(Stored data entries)

(* Let $\rho$ be a polymatroid on a finite set $E$ and let $M_1,M_2,\ldots,M_k$ be matroids on $E$ with $\rho=r_{M_1}+r_{M_2}+\cdots+r_{M_k}$. (1) Let $X$ be any incidence set of $\rho$. Then there is exactly one index $i\in[k]$ for which all elements of $X$ are parallel in $M_i$ (i.e., $X$ is contained in a single parallel class of $M_i$), and for every $j\in[k]$ with $j\neq i$, no two elements of $X$ are parallel in $M_j$. If, moreover, the equation $\rho(Y)=1+\sum_{e\in Y}(\rho(e)-1)$ also holds for $Y=X$, then for every $j\neq i$, the only subsets of $X$ that are circuits of $M_j$ are singletons. (2) Let $X$ and $Y$ be incidence sets of $\rho$ and suppose there are elements $a\in X$ and $b\in Y$ with $\rho(\{a,b\})=\rho(a)+\rho(b)$. If $X\cap Y\neq\emptyset$, then $|X\cap Y|=1$, and the unique index $i$ for which the elements of $X$ are parallel in $M_i$ differs from the unique index $j$ for which the elements of $Y$ are parallel in $M_j$.
   Context: A polymatroid on a finite set $E$ is a function $\rho:2^E\to\mathbb{Z}$ with $\rho(\emptyset)=0$, $\rho(A)\le\rho(B)$ whenever $A\subseteq B\subseteq E$, and $\rho(A\cup B)+\rho(A\cap B)\le\rho(A)+\rho(B)$ for all $A,B\subseteq E$. For matroids $M_1,\dots,M_k$ on $E$, $r_{M_1}+\cdots+r_{M_k}$ denotes the pointwise sum of their rank functions. An incidence set of $\rho$ is a subset $X\subseteq E$ with $|X|\ge 2$ such that for every $Y\subseteq X$ with $|Y|\in\{1,2,3\}$, $\rho(Y)=1+\sum_{e\in Y}(\rho(e)-1)$. Here $[k]=\{1,\dots,k\}$ and $\rho(e)$ means $\rho(\{e\})$. *)

From mathcomp Require Import all_boot all_order all_algebra.
Set Implicit Arguments. Unset Strict Implicit. Unset Printing Implicit Defensive.
Import Order.TTheory GRing.Theory Num.Theory.

Definition matroid_rank (E : finType) (r : {set E} -> nat) : Prop :=
  [/\ forall A : {set E}, r A <= #|A|,
      forall A B : {set E}, A \subset B -> r A <= r B
    & forall A B : {set E}, r (A :|: B) + r (A :&: B) <= r A + r B].

Definition m_indep (E : finType) (r : {set E} -> nat) (A : {set E}) : bool :=
  r A == #|A|.

Definition m_circuit (E : finType) (r : {set E} -> nat) (C : {set E}) : bool :=
  ~~ m_indep r C && [forall D : {set E}, (D \proper C) ==> m_indep r D].

Definition m_parallel (E : finType) (r : {set E} -> nat) (e f : E) : bool :=
  ((e == f) && (r [set e] == 1%N)) || m_circuit r [set e; f].

Definition all_parallel (E : finType) (r : {set E} -> nat) (X : {set E}) : Prop :=
  forall e f, e \in X -> f \in X -> m_parallel r e f.

Definition no_two_parallel (E : finType) (r : {set E} -> nat) (X : {set E}) : Prop :=
  forall e f, e \in X -> f \in X -> e != f -> ~~ m_parallel r e f.

Local Open Scope ring_scope.

Definition polymatroid (E : finType) (rho : {set E} -> int) : Prop :=
  [/\ rho set0 = 0,
      forall A B : {set E}, A \subset B -> rho A <= rho B
    & forall A B : {set E}, rho (A :|: B) + rho (A :&: B) <= rho A + rho B].

Definition incidence_eq (E : finType) (rho : {set E} -> int) (Y : {set E}) : Prop :=
  rho Y = 1 + \sum_(e in Y) (rho [set e] - 1).

Definition incidence_set (E : finType) (rho : {set E} -> int) (X : {set E}) : Prop :=
  (2 <= #|X|)%N /\
  forall Y : {set E}, Y \subset X -> (1 <= #|Y| <= 3)%N -> incidence_eq rho Y.

From mathcomp Require Import all_boot all_order all_algebra zify.
Import Order.TTheory GRing.Theory Num.Theory.
Set Implicit Arguments. Unset Strict Implicit. Unset Printing Implicit Defensive.

(* For a matroid rank r let the defect of Y be [\sum_(e in Y) r {e} - r Y]; it is
   monotone in Y, and on a pair {e, f} it is 1 exactly when e and f are parallel.
   As rho is the sum of the ranks, the incidence equation for Y says that the
   defects of Y in the M_i add up to |Y| - 1.  So each pair of an incidence set X
   is parallel in exactly one M_i, and the total defect 2 of a triple forces pairs
   sharing an element to get the same index; by transitivity of parallelism X is
   then a parallel class of a single M_i.  If X itself satisfies the equation, that
   class already has defect |X| - 1, so every other M_j has defect 0 on X, which
   leaves no room for a circuit with two elements.  For (2), if X and Y were
   parallel classes of the same M_i, then a and b would be parallel in M_i, so
   r_i {a, b} = 1 < r_i {a} + r_i {b}, against the modularity of rho on {a, b};
   two common elements of X and Y would be parallel in two different M_i. *)

Section MatroidRank.
(* Let $H$ be a history generated by KSFTM and $T_i$ a transaction of $H$. If (after the last event of $H$) $tutl_i < ct_i$, then there exists a transaction $T_j$ committed in $H$ with $wts_j > wts_i$.
   Context: Algorithm KSFTM (parameters $K\ge1$, $C>0$, $incVal\ge1$). Global atomic counter $G\_tCntr$, initially 1. Each t-object $x$ stores at most $K$ versions $\langle ts, val, rl, vrt\rangle$; initially $\langle 0,0,\emptyset,0\rangle$; a version with timestamp $ts>0$ is installed only by a committing transaction $T_j$ as $\langle wts_j, v, \emptyset, tltl_j\rangle$. Transaction $T_i$ has $its_i, cts_i, wts_i$, limits $tltl_i, tutl_i$, commit time $ct_i$, flag $valid_i$, status. begin($its$): $cts_i$ := counter value, counter atomically incremented; $its_i := cts_i$ if $its$ nil else $its$; $wts_i := cts_i + C(cts_i-its_i)$; $tltl_i := cts_i$; $tutl_i := ct_i := \infty$. read($x$) (non-local): $cur$ := version with largest $ts < wts_i$ (abort if none); if a version $next$ with smallest $ts>wts_i$ exists, $tutl_i := \min(tutl_i, next.vrt-1)$; $tltl_i := \max(tltl_i, cur.vrt+1)$; abort if $tltl_i > tutl_i$; otherwise record the read in $cur.rl$. tryC: abort if $valid_i$ false; for written $x$: $prev_x$ (largest $ts<wts_i$, abort if none), $next_x$ (smallest $ts>wts_i$); conflict checks against readers of $prev_x$ with larger $wts$ (abort $T_i$ or mark them); $tltl_i := \max(tltl_i, prev_x.vrt+1)$, $tutl_i := \min(tutl_i, next_x.vrt-1)$; $ct_i$ := counter atomically increased by $incVal$ (new value); $tutl_i := \min(tutl_i, ct_i)$; abort if $tltl_i > tutl_i$; checks against readers $T_k$ of $prev_x$ with smaller $wts$ and $tltl_k \ge tutl_i$ (abort $T_i$ or mark $T_k$); then $tltl_i := tutl_i$; for such unaborted readers $T_k$, $tutl_k := \min(tutl_k, tltl_i-1)$; invalidate marked transactions; install for each written $x$ the version $\langle wts_i, v, \emptyset, tltl_i\rangle$; commit. abort: $valid_i$ false, status abort. *)

(* An operational model of the KSFTM algorithm:
   every operation (begin, read, write, tryC, tryA) is executed atomically;
   a history is the sequence of operations issued, and the state reached
   after its last event records all algorithm variables. *)
From mathcomp Require Import all_boot all_order all_algebra.
Set Implicit Arguments. Unset Strict Implicit. Unset Printing Implicit Defensive.
Import Order.TTheory GRing.Theory Num.Theory.
Local Open Scope ring_scope.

■ **What to do**: Quote each line above in full, word for word.

■ **Finished task**:
(* Let $\rho$ be a polymatroid on a finite set $E$ and let $M_1,M_2,\ldots,M_k$ be matroids on $E$ with $\rho=r_{M_1}+r_{M_2}+\cdots+r_{M_k}$. (1) Let $X$ be any incidence set of $\rho$. Then there is exactly one index $i\in[k]$ for which all elements of $X$ are parallel in $M_i$ (i.e., $X$ is contained in a single parallel class of $M_i$), and for every $j\in[k]$ with $j\neq i$, no two elements of $X$ are parallel in $M_j$. If, moreover, the equation $\rho(Y)=1+\sum_{e\in Y}(\rho(e)-1)$ also holds for $Y=X$, then for every $j\neq i$, the only subsets of $X$ that are circuits of $M_j$ are singletons. (2) Let $X$ and $Y$ be incidence sets of $\rho$ and suppose there are elements $a\in X$ and $b\in Y$ with $\rho(\{a,b\})=\rho(a)+\rho(b)$. If $X\cap Y\neq\emptyset$, then $|X\cap Y|=1$, and the unique index $i$ for which the elements of $X$ are parallel in $M_i$ differs from the unique index $j$ for which the elements of $Y$ are parallel in $M_j$.
   Context: A polymatroid on a finite set $E$ is a function $\rho:2^E\to\mathbb{Z}$ with $\rho(\emptyset)=0$, $\rho(A)\le\rho(B)$ whenever $A\subseteq B\subseteq E$, and $\rho(A\cup B)+\rho(A\cap B)\le\rho(A)+\rho(B)$ for all $A,B\subseteq E$. For matroids $M_1,\dots,M_k$ on $E$, $r_{M_1}+\cdots+r_{M_k}$ denotes the pointwise sum of their rank functions. An incidence set of $\rho$ is a subset $X\subseteq E$ with $|X|\ge 2$ such that for every $Y\subseteq X$ with $|Y|\in\{1,2,3\}$, $\rho(Y)=1+\sum_{e\in Y}(\rho(e)-1)$. Here $[k]=\{1,\dots,k\}$ and $\rho(e)$ means $\rho(\{e\})$. *)

From mathcomp Require Import all_boot all_order all_algebra.
Set Implicit Arguments. Unset Strict Implicit. Unset Printing Implicit Defensive.
Import Order.TTheory GRing.Theory Num.Theory.

Definition matroid_rank (E : finType) (r : {set E} -> nat) : Prop :=
  [/\ forall A : {set E}, r A <= #|A|,
      forall A B : {set E}, A \subset B -> r A <= r B
    & forall A B : {set E}, r (A :|: B) + r (A :&: B) <= r A + r B].

Definition m_indep (E : finType) (r : {set E} -> nat) (A : {set E}) : bool :=
  r A == #|A|.

Definition m_circuit (E : finType) (r : {set E} -> nat) (C : {set E}) : bool :=
  ~~ m_indep r C && [forall D : {set E}, (D \proper C) ==> m_indep r D].

Definition m_parallel (E : finType) (r : {set E} -> nat) (e f : E) : bool :=
  ((e == f) && (r [set e] == 1%N)) || m_circuit r [set e; f].

Definition all_parallel (E : finType) (r : {set E} -> nat) (X : {set E}) : Prop :=
  forall e f, e \in X -> f \in X -> m_parallel r e f.

Definition no_two_parallel (E : finType) (r : {set E} -> nat) (X : {set E}) : Prop :=
  forall e f, e \in X -> f \in X -> e != f -> ~~ m_parallel r e f.

Local Open Scope ring_scope.

Definition polymatroid (E : finType) (rho : {set E} -> int) : Prop :=
  [/\ rho set0 = 0,
      forall A B : {set E}, A \subset B -> rho A <= rho B
    & forall A B : {set E}, rho (A :|: B) + rho (A :&: B) <= rho A + rho B].

Definition incidence_eq (E : finType) (rho : {set E} -> int) (Y : {set E}) : Prop :=
  rho Y = 1 + \sum_(e in Y) (rho [set e] - 1).

Definition incidence_set (E : finType) (rho : {set E} -> int) (X : {set E}) : Prop :=
  (2 <= #|X|)%N /\
  forall Y : {set E}, Y \subset X -> (1 <= #|Y| <= 3)%N -> incidence_eq rho Y.

From mathcomp Require Import all_boot all_order all_algebra zify.
Import Order.TTheory GRing.Theory Num.Theory.
Set Implicit Arguments. Unset Strict Implicit. Unset Printing Implicit Defensive.

(* For a matroid rank r let the defect of Y be [\sum_(e in Y) r {e} - r Y]; it is
   monotone in Y, and on a pair {e, f} it is 1 exactly when e and f are parallel.
   As rho is the sum of the ranks, the incidence equation for Y says that the
   defects of Y in the M_i add up to |Y| - 1.  So each pair of an incidence set X
   is parallel in exactly one M_i, and the total defect 2 of a triple forces pairs
   sharing an element to get the same index; by transitivity of parallelism X is
   then a parallel class of a single M_i.  If X itself satisfies the equation, that
   class already has defect |X| - 1, so every other M_j has defect 0 on X, which
   leaves no room for a circuit with two elements.  For (2), if X and Y were
   parallel classes of the same M_i, then a and b would be parallel in M_i, so
   r_i {a, b} = 1 < r_i {a} + r_i {b}, against the modularity of rho on {a, b};
   two common elements of X and Y would be parallel in two different M_i. *)

Section MatroidRank.
(* Let $H$ be a history generated by KSFTM and $T_i$ a transaction of $H$. If (after the last event of $H$) $tutl_i < ct_i$, then there exists a transaction $T_j$ committed in $H$ with $wts_j > wts_i$.
   Context: Algorithm KSFTM (parameters $K\ge1$, $C>0$, $incVal\ge1$). Global atomic counter $G\_tCntr$, initially 1. Each t-object $x$ stores at most $K$ versions $\langle ts, val, rl, vrt\rangle$; initially $\langle 0,0,\emptyset,0\rangle$; a version with timestamp $ts>0$ is installed only by a committing transaction $T_j$ as $\langle wts_j, v, \emptyset, tltl_j\rangle$. Transaction $T_i$ has $its_i, cts_i, wts_i$, limits $tltl_i, tutl_i$, commit time $ct_i$, flag $valid_i$, status. begin($its$): $cts_i$ := counter value, counter atomically incremented; $its_i := cts_i$ if $its$ nil else $its$; $wts_i := cts_i + C(cts_i-its_i)$; $tltl_i := cts_i$; $tutl_i := ct_i := \infty$. read($x$) (non-local): $cur$ := version with largest $ts < wts_i$ (abort if none); if a version $next$ with smallest $ts>wts_i$ exists, $tutl_i := \min(tutl_i, next.vrt-1)$; $tltl_i := \max(tltl_i, cur.vrt+1)$; abort if $tltl_i > tutl_i$; otherwise record the read in $cur.rl$. tryC: abort if $valid_i$ false; for written $x$: $prev_x$ (largest $ts<wts_i$, abort if none), $next_x$ (smallest $ts>wts_i$); conflict checks against readers of $prev_x$ with larger $wts$ (abort $T_i$ or mark them); $tltl_i := \max(tltl_i, prev_x.vrt+1)$, $tutl_i := \min(tutl_i, next_x.vrt-1)$; $ct_i$ := counter atomically increased by $incVal$ (new value); $tutl_i := \min(tutl_i, ct_i)$; abort if $tltl_i > tutl_i$; checks against readers $T_k$ of $prev_x$ with smaller $wts$ and $tltl_k \ge tutl_i$ (abort $T_i$ or mark $T_k$); then $tltl_i := tutl_i$; for such unaborted readers $T_k$, $tutl_k := \min(tutl_k, tltl_i-1)$; invalidate marked transactions; install for each written $x$ the version $\langle wts_i, v, \emptyset, tltl_i\rangle$; commit. abort: $valid_i$ false, status abort. *)

(* An operational model of the KSFTM algorithm:
   every operation (begin, read, write, tryC, tryA) is executed atomically;
   a history is the sequence of operations issued, and the state reached
   after its last event records all algorithm variables. *)
From mathcomp Require Import all_boot all_order all_algebra.
Set Implicit Arguments. Unset Strict Implicit. Unset Printing Implicit Defensive.
Import Order.TTheory GRing.Theory Num.Theory.
Local Open Scope ring_scope.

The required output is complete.